→ **ACTIVITY**:
Transcribe exactly everything in the data below from the line containing "have reach_Lcopy l" down to the line containing "Theorem mainTheorem7 (R", both lines included and nothing further.
--- RECORDS FOR THE TASK Enclosed Below ---
Lemma purify_out_sub (R : realFieldType) (Istar : {set T}) :
  stable_with R e w g Istar -> purify_out w I g M \subset Istar.
Proof.
move=> Istar_stable; have [/independentP iIstar _] := Istar_stable.
have /independentP iI := I_indep.
case: M_max; rewrite G0_matchingE => mM maxM.
have /andP[/andP[/allP Medge uM1] _] := mM.
apply/subsetP => u; rewrite inE => /andP[uI /existsP[i l0M]]; apply: contraT => uIstar.
pose reach l := exists k, alt_reach G0_edge M (u, val i) k l.
set A := [set a in I :\: Istar | `[< exists j, reach (a, j) >]].
have reach_Lcopy l : reach l -> Lcopy w I g l.
  case=> k /alt_reach_fst [->|/mapP[p pM ->]]; first by rewrite /Lcopy /= uI ltn_ord.
  by case/and3P: (Medge p pM).
set Rs := copies (Istar :&: nbhd e A) w.
set Ls := copies A (fun a => g * w a).
have Rs_reached r : r \in Rs -> exists2 l, reach l & G0_edge l r.
  case: r => v j; rewrite mem_copies !inE => /andP[/andP[vIstar /existsP[a]]].
  rewrite !inE => /andP[/andP[/andP[_ aI] /asboolP[ja rl]] eav] jw.
  exists (a, ja) => //; rewrite /G0_edge reach_Lcopy // /Rcopy /= jw eav !andbT.
  by apply: contraTN eav => vI; exact: iI.
have matched : {subset Rs <= map snd M}.
  by move=> r /Rs_reached[l [k rl] elr]; exact: maximum_matching_alt_reach rl elr.
have partners : {in M, forall p, p.2 \in Rs -> p.1 \in Ls}.
  move=> [[a ja] [v j]] pM /= vjRs; have [l [k rl] elr] := Rs_reached _ vjRs.
  have rp : reach (a, ja) by exists k.+1; right; exists l, (v, j).
  have /and3P[/andP[/= aI jal] _ /= eav] := Medge _ pM.
  move: vjRs; rewrite mem_copies !inE => /andP[/andP[vIstar _] _].
  rewrite mem_copies !inE aI jal !andbT; apply/andP; split.
    by apply: contraTN eav => aIstar; exact: iIstar.
  by apply/asboolP; exists ja.
have A_lt : g * \sum_(a in A) w a < \sum_(v in Istar :&: nbhd e A) w v.
  apply: (stable_nbhd_weight_lt g_gt0 Istar_stable e_sym).
  - by apply: independentS I_indep; apply/subsetP => a; rewrite !inE => /andP[/andP[]].
  - apply/set0Pn; exists u; rewrite !inE uI uIstar /=.
    by apply/asboolP; exists (val i); exists 0.
  - by rewrite disjoint_subset; apply/subsetP => a; rewrite !inE => /andP[/andP[]].
have := leq_size_matched uM1 (uniq_copies _ _) matched partners.
by rewrite !size_copies -big_distrr leqNgt A_lt.
Qed.
End Purify.

Lemma scaled_weight_le (R : realFieldType) (g D a x y : R) :
  (0 < a -> 0 <= g <= D -> 2 * D * a <= g ^+ 2 -> 0 <= x -> y / a <= x ->
   (g + D) * y <= g ^+ 2 * x)%R.
Proof.
move=> a_gt0 /andP[g_ge0 gD] budget x_ge0; rewrite ler_pdivrMr // => y_le.
have xa_ge0 : (0 <= x * a)%R by rewrite mulr_ge0 // ltW.
have : ((g + D) * (x * a) <= 2 * D * a * x)%R by nra.
nra.
Qed.

Theorem mainTheorem7 (R : realFieldType) (T : finType) (e : rel T)
    (w : T -> nat) (alpha : R) (gamma : nat) (Istar I : {set T})
    (M : seq ((T * nat) * (T * nat))) :
  simple_graph e ->
  0 < #|T| ->
  (forall u, 0 < w u) ->
  1 <= maxdeg e ->
  (1 <= alpha <= (maxdeg e)%:R)%R ->
  ((gamma.-1)%:R ^+ 2 < 2%:R * (maxdeg e)%:R * alpha <= gamma%:R ^+ 2)%R ->
  gamma <= maxdeg e ->
  stable_with R e w gamma Istar ->
  independent e I ->
  ((\sum_(u in Istar) w u)%:R / alpha <= (\sum_(u in I) w u)%:R)%R ->
  G0_max_matching e w I gamma M ->
  I != Istar ->
  purify_out w I gamma M != set0 /\ purify_out w I gamma M \subset Istar.
Proof.
move=> [e_sym e_irr] _ _ D_gt0 /andP[alpha_ge1 _] /andP[_ budget] gD Istar_stable
  I_indep I_approx M_max IIstar.
have g_gt0 : 0 < gamma.
  have : (0 < gamma%:R ^+ 2 :> R)%R.
    by apply: lt_le_trans budget; rewrite !mulr_gt0 ?ltr0n // (lt_le_trans ltr01).
  by rewrite -natrX ltr0n expn_gt0 orbF.
split; last exact: purify_out_sub Istar_stable.
apply/eqP => S0.
set Wn := \sum_(u in I) w u; set Ws := \sum_(u in Istar) w u.
set Nout := \sum_(v in nbhd e I :\: Istar) w v.
have Ws_gt0 : 0 < Ws := stable_weight_gt0 g_gt0 Istar_stable I_indep IIstar.
have I_nbhd : gamma * Wn <= Ws + Nout.
  apply: leq_trans (purify_out0_weight M_max S0) _.
  rewrite (big_setID Istar) [Ws](big_setID (nbhd e I)) /= setIC -addnA leq_add2l.
  exact: leq_addl.
have out_lt : gamma * Nout < maxdeg e * Ws.
  apply: (stable_outside_weight_lt g_gt0 Istar_stable e_sym e_irr D_gt0 Ws_gt0).
  by apply/setDidPl; rewrite setDDl setUid.
have nat_lt : gamma * (gamma * Wn) < (gamma + maxdeg e) * Ws by nia.
have alpha_gt0 : (0 < alpha)%R by apply: lt_le_trans alpha_ge1.
have g_bounds : (0 <= (gamma%:R : R) <= (maxdeg e)%:R)%R by rewrite ler0n ler_nat.
have := scaled_weight_le alpha_gt0 g_bounds budget (ler0n _ _) I_approx.
move: nat_lt; rewrite -(ltr_nat R) !natrM natrD mulrA -expr2 => /lt_le_trans lt /lt.
by rewrite ltxx.
Qed.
--- End of Enclosed RECORDS FOR THE TASK ---
→ **SOLUTION**:
have reach_Lcopy l : reach l -> Lcopy w I g l.
  case=> k /alt_reach_fst [->|/mapP[p pM ->]]; first by rewrite /Lcopy /= uI ltn_ord.
  by case/and3P: (Medge p pM).
set Rs := copies (Istar :&: nbhd e A) w.
set Ls := copies A (fun a => g * w a).
have Rs_reached r : r \in Rs -> exists2 l, reach l & G0_edge l r.
  case: r => v j; rewrite mem_copies !inE => /andP[/andP[vIstar /existsP[a]]].
  rewrite !inE => /andP[/andP[/andP[_ aI] /asboolP[ja rl]] eav] jw.
  exists (a, ja) => //; rewrite /G0_edge reach_Lcopy // /Rcopy /= jw eav !andbT.
  by apply: contraTN eav => vI; exact: iI.
have matched : {subset Rs <= map snd M}.
  by move=> r /Rs_reached[l [k rl] elr]; exact: maximum_matching_alt_reach rl elr.
have partners : {in M, forall p, p.2 \in Rs -> p.1 \in Ls}.
  move=> [[a ja] [v j]] pM /= vjRs; have [l [k rl] elr] := Rs_reached _ vjRs.
  have rp : reach (a, ja) by exists k.+1; right; exists l, (v, j).
  have /and3P[/andP[/= aI jal] _ /= eav] := Medge _ pM.
  move: vjRs; rewrite mem_copies !inE => /andP[/andP[vIstar _] _].
  rewrite mem_copies !inE aI jal !andbT; apply/andP; split.
    by apply: contraTN eav => aIstar; exact: iIstar.
  by apply/asboolP; exists ja.
have A_lt : g * \sum_(a in A) w a < \sum_(v in Istar :&: nbhd e A) w v.
  apply: (stable_nbhd_weight_lt g_gt0 Istar_stable e_sym).
  - by apply: independentS I_indep; apply/subsetP => a; rewrite !inE => /andP[/andP[]].
  - apply/set0Pn; exists u; rewrite !inE uI uIstar /=.
    by apply/asboolP; exists (val i); exists 0.
  - by rewrite disjoint_subset; apply/subsetP => a; rewrite !inE => /andP[/andP[]].
have := leq_size_matched uM1 (uniq_copies _ _) matched partners.
by rewrite !size_copies -big_distrr leqNgt A_lt.
Qed.
End Purify.

Lemma scaled_weight_le (R : realFieldType) (g D a x y : R) :
  (0 < a -> 0 <= g <= D -> 2 * D * a <= g ^+ 2 -> 0 <= x -> y / a <= x ->
   (g + D) * y <= g ^+ 2 * x)%R.
Proof.
move=> a_gt0 /andP[g_ge0 gD] budget x_ge0; rewrite ler_pdivrMr // => y_le.
have xa_ge0 : (0 <= x * a)%R by rewrite mulr_ge0 // ltW.
have : ((g + D) * (x * a) <= 2 * D * a * x)%R by nra.
nra.
Qed.

Theorem mainTheorem7 (R : realFieldType) (T : finType) (e : rel T)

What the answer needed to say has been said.